SOLUTION 8: $$\displaystyle{ \lim_{x \rightarrow 0} \frac{ \sin x^2 }{ x \tan x } } = \displaystyle{ \frac{ \sin(0)^2 }{ (0)\tan(0) } } = \displaystyle{ \frac{ (0)^2 }{ (0)(0) } } =\frac{"0"}{0}$$
(Apply Theorem 1 for l'Hopital's Rule. Differentiate top and bottom separately. Use the Chain Rule on the top. Use the Product Rule on the bottom.)

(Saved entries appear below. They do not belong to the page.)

Lemma integral_moment_section m : (\int[mu]_x moment_section m x =
  \int[mu]_(x in `[0%R, (1/2)%R[) moment_section m x +
  \int[mu]_(x in `](1/2)%R, 1%R]) moment_section m x)%E.
Proof.
have mF := measurable_moment_section m.
transitivity (\int[mu]_(x in `[0%R, 1%R]) moment_section m x)%E.
  rewrite [RHS]integral_mkcond; apply: eq_integral => x _.
  rewrite /patch; case: ifPn => // /negP x_out.
  rewrite moment_sectionE P2_sublevel_section_out ?integral_set0 // => x01.
  by apply: x_out; apply/mem_set; rewrite /= in_itv.
have split_half : (`[0, 1] `\ (1/2) = `[0, 1/2[ `|` `]1/2, 1] :> set R)%classic.
  apply/seteqP; split => x /=; rewrite !in_itv /=.
    move=> [/andP[x_ge0 x_le1] x_neq].
    by case: (ltgtP x (1/2)) x_neq => // hx _; [left | right]; apply/andP; split.
  by move=> [|] /andP[h1 h2]; split; try (apply/andP; split); lra.
rewrite -(@integral_setD1 _ _ (1/2)); first last.
- exact: measurable_funTS.
- by apply: measurableD; [exact: measurable_itv | exact: measurable_set1].
rewrite split_half ge0_integral_setU //.
- exact: measurable_funTS.
- by move=> x _; exact: moment_section_ge0.
- apply/disj_setPS => x [] /=; rewrite !in_itv /= => /andP[_ x_lt] /andP[x_gt _].
  by have := lt_trans x_lt x_gt; rewrite ltxx.
Qed.

Lemma moment_section_lt_half m x : 0 <= x < 1/2 -> moment_section m x =
  (\int[mu]_(y in `[(1/2)%R, (x + 1/2)%R]) (P2 (x, y) ^+ m)%:E)%E.
Proof. by move=> x_in; rewrite moment_sectionE P2_sublevel_section_lt_half. Qed.

Lemma moment_section_gt_half m x : 1/2 < x <= 1 -> moment_section m x =
  (\int[mu]_(y in `[(x - 1/2)%R, (1/2)%R]) (P2 (x, y) ^+ m)%:E)%E.
Proof. by move=> x_in; rewrite moment_sectionE P2_sublevel_section_gt_half. Qed.

Lemma moment_section0_lt_half x : 0 <= x < 1/2 -> moment_section 0 x = x%:E.
Proof.
move=> x_in; rewrite moment_section_lt_half //.
under eq_integral do rewrite expr0.
rewrite integral_itv1; first by congr (_%:E); lra.
by case/andP: x_in => x_ge0 _; lra.
Qed.

Lemma moment_section0_gt_half x : 1/2 < x <= 1 -> moment_section 0 x = (1 - x)%:E.
Proof.
move=> x_in; rewrite moment_section_gt_half //.
under eq_integral do rewrite expr0.
rewrite integral_itv1; first by congr (_%:E); lra.
by case/andP: x_in => _ x_le1; lra.
Qed.

Lemma c_coef_primitives m (g1 G1 g2 G2 : R -> R) :
  (forall x, 0 <= x < 1/2 -> moment_section m x = (g1 x)%:E) ->
  (forall x, 1/2 < x <= 1 -> moment_section m x = (g2 x)%:E) ->
  continuous g1 -> continuous g2 ->
  (forall x, is_derive x 1 G1 (g1 x)) -> (forall x, is_derive x 1 G2 (g2 x)) ->
  c_coef R m = G1 (1/2) - G1 0 + (G2 1 - G2 (1/2)).
Proof.
move=> sec1 sec2 cg1 cg2 dG1 dG2.
have half_ge0 : 0 <= 1/2 :> R by lra.
have half_le1 : 1/2 <= 1 :> R by lra.
rewrite c_coef_iterated integral_moment_section.
rewrite (@eq_integral _ _ _ mu `[0%R, (1/2)%R[ (fun x => (g1 x)%:E)); last first.
  by move=> x; rewrite inE /= in_itv /=; exact: sec1.
rewrite (@eq_integral _ _ _ mu `](1/2)%R, 1%R] (fun x => (g2 x)%:E)); last first.
  by move=> x; rewrite inE /= in_itv /=; exact: sec2.
by rewrite (integral_itv_primitive half_ge0 cg1 dG1)
  (integral_itv_primitive half_le1 cg2 dG2).
Qed.

Lemma c_coef0 : c_coef R 0 = 1/4.
Proof.
have dG1 x : is_derive x 1 (fun x => x ^+ 2 / 2) x.
  by apply: is_derive_eq; rewrite /GRing.scale /=; field.
have dG2 x : is_derive x 1 (fun x => x - x ^+ 2 / 2) (1 - x).
  by apply: is_derive_eq; rewrite /GRing.scale /=; field.
rewrite (c_coef_primitives moment_section0_lt_half moment_section0_gt_half
  _ _ dG1 dG2); first by field.
all: by apply: derivable_continuous => x; apply: ex_derive.
Qed.

Definition P2_primitive x y :=
  (3 + 2 * cos (2 * pi * x)) * y + (sin (2 * pi * y) - sin (2 * pi * x - 2 * pi * y)) / pi.

Lemma integral_P2_torus_dy x a b : a <= b ->
  (\int[mu]_(y in `[a, b]) (P2 (x, y))%:E
    = (P2_primitive x b - P2_primitive x a)%:E)%E.
Proof.
move=> ab; under eq_integral do rewrite P2_torus_cos /=.
apply: integral_itv_primitive => // [|y].
  by apply: derivable_continuous => y; apply: ex_derive.
apply: is_derive_eq; rewrite /GRing.scale /=.
field_pi.
Qed.

Lemma moment_section1_lt_half x : 0 <= x < 1/2 -> moment_section 1 x =
  (x * (3 + 2 * cos (2 * pi * x)) - 2 / pi * sin (2 * pi * x))%:E.
Proof.
move=> x_in; rewrite moment_section_lt_half //.
under eq_integral do rewrite expr1.
rewrite integral_P2_torus_dy; last by case/andP: x_in => x_ge0 _; lra.
rewrite /P2_primitive (_ : 2 * pi * (x + 1/2) = 2 * pi * x + pi); last by field.
rewrite (_ : 2 * pi * x - (2 * pi * x + pi) = - pi); last by ring.
rewrite (_ : 2 * pi * (1/2) = pi); last by field.
rewrite sinDpi sinN sinpi sinB sinpi cospi.
by congr (_%:E); field_pi.
Qed.

Lemma moment_section1_gt_half x : 1/2 < x <= 1 -> moment_section 1 x =
  ((1 - x) * (3 + 2 * cos (2 * pi * x)) + 2 / pi * sin (2 * pi * x))%:E.
Proof.
move=> x_in; rewrite moment_section_gt_half //.
under eq_integral do rewrite expr1.
rewrite integral_P2_torus_dy; last by case/andP: x_in => _ x_le1; lra.
rewrite /P2_primitive (_ : 2 * pi * (x - 1/2) = 2 * pi * x - pi); last by field.
rewrite (_ : 2 * pi * x - (2 * pi * x - pi) = pi); last by ring.
rewrite (_ : 2 * pi * (1/2) = pi); last by field.
rewrite sinB sinpi cospi.
by congr (_%:E); field_pi.
Qed.

Lemma c_coef1 : c_coef R 1 = 3/4 - 6 / pi ^+ 2.
Proof.
have dG1 x : is_derive x 1 (fun x => 3/2 * x ^+ 2 + x * sin (2 * pi * x) / pi
    + 3 / (2 * pi ^+ 2) * cos (2 * pi * x))
    (x * (3 + 2 * cos (2 * pi * x)) - 2 / pi * sin (2 * pi * x)).
  by apply: is_derive_eq; rewrite /GRing.scale /=; field_pi.
have dG2 x : is_derive x 1 (fun x => 3 * x - 3/2 * x ^+ 2
    + (1 - x) * sin (2 * pi * x) / pi - 3 / (2 * pi ^+ 2) * cos (2 * pi * x))
    ((1 - x) * (3 + 2 * cos (2 * pi * x)) + 2 / pi * sin (2 * pi * x)).
  by apply: is_derive_eq; rewrite /GRing.scale /=; field_pi.
rewrite (c_coef_primitives moment_section1_lt_half moment_section1_gt_half
  _ _ dG1 dG2); last 2 first.
- by apply: derivable_continuous => x; apply: ex_derive.
- by apply: derivable_continuous => x; apply: ex_derive.
have two_pi_half : 2 * pi * (1/2) = pi :> R by field.
have two_pi : 2 * pi * 1 = pi *+ 2 :> R by rewrite mulr1 mulr2n; ring.
rewrite two_pi_half two_pi !mulr0 sinpi cospi sin2pi cos2pi sin0 cos0.
field_pi.
Qed.

End moments.

Section operator.
Variable R : realType.
Implicit Types (f : laurent R) (n : int).

Lemma mthetam1_powE j f n : mthetam1_pow j f n = (- n%:~R - 1) ^+ j * f n.
Proof.
elim: j => [|j IHj]; first by rewrite mul1r.
by rewrite /mthetam1_pow iterS -/(mthetam1_pow j f) /theta_t IHj exprS; ring.
Qed.

Lemma op_subst_L2tilde f n : op_subst (L2tilde R) f n =
  9 * (n + 1)%:~R ^+ 2 * f n
  - (10 * (n + 2)%:~R ^+ 2 - 10 * (n + 2)%:~R + 3) * f (n + 1)
  + (n + 2)%:~R ^+ 2 * f (n + 2).
Proof.
rewrite /op_subst /L2tilde !big_cons big_nil /mul_tinv !mthetam1_powE /=.
by rewrite !addr0 !intrD (_ : Posz 1 = 1) // (_ : Posz 2 = 2) //; ring.
Qed.

Lemma neg_part_L2tilde_series (a : nat -> R) :
  neg_part (op_subst (L2tilde R) (series_of a))
  = (fun n : int => if n == -1 then a 1%N - 3 * a 0%N else 0).
Proof.
apply/funext => -[k|[|[|k]]]; rewrite /neg_part op_subst_L2tilde //=.
- by rewrite subnn addnK !intrD; ring.
- by rewrite subnn !intrD; ring.
- by ring.
Qed.

End operator.

Theorem lemma5p3 (R : realType) :
  c_coef R 0 = 1 / 4 /\
  neg_part (op_subst (L2tilde R) (series_of (c_coef R)))
  = (fun n : int => if n == -1 then - 6 / (pi ^+ 2) else 0).
Proof.
split; first exact: c_coef0.
rewrite neg_part_L2tilde_series c_coef0 c_coef1.
by apply/funext => n; case: ifP => // _; field_pi.
Qed.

$$= \displaystyle{ \lim_{x \rightarrow 0} \frac{ 2x \cos x^2 }{ x \sec^2 x + (1) \tan x} } = \displaystyle{ \frac{ 2 (0) \cos (0)^2 }{ (0) \sec^2 (0) + \tan(0)} } = \displaystyle{ \frac{ 2 (0) (1)^2 }{ (0)(1)^2 + (0)} } = \displaystyle{ \frac{ 0 }{ (0)(1)^2 + (0)} } = \displaystyle{ \frac{"0"}{0} }$$ (Apply Theorem 1 for l'Hopital's Rule again. Differentiate the top using the Product Rule and the Chain Rule. Differentiate the bottom using the Product Rule and the Chain Rule.) $$= \displaystyle{ \lim_{x \rightarrow 0} \frac{ 2x \cdot 2x (- \sin x^2) + (2) \cos x^2 } { x \cdot 2 \sec x \cdot \sec x \tan x + (1) \sec^2 x + \sec^2 x} }$$ $$= \displaystyle{ \lim_{x \rightarrow 0} \frac{ 2 \cos x^2 - 4x^2 \sin x^2 } { 2x \sec^2 x \tan x + 2 \sec^2 x } }$$ $$= \displaystyle{ \frac{ 2 \cos (0)^2 - 4(0)^2 \sin (0)^2 } { 2(0) \sec^2 (0) \tan (0) + 2 \sec^2 (0) } }$$ $$= \displaystyle{ \frac{ 2 (1)^2 - 4(0)(0) } { 2(0) (1)^2 (0) + 2 (1)^2 } }$$ $$= \displaystyle{ \frac{ 2 - 0 } { 0 + 2 } }$$ $$= \displaystyle{ \frac{ 2 } { 2 } }$$ $$= 1$$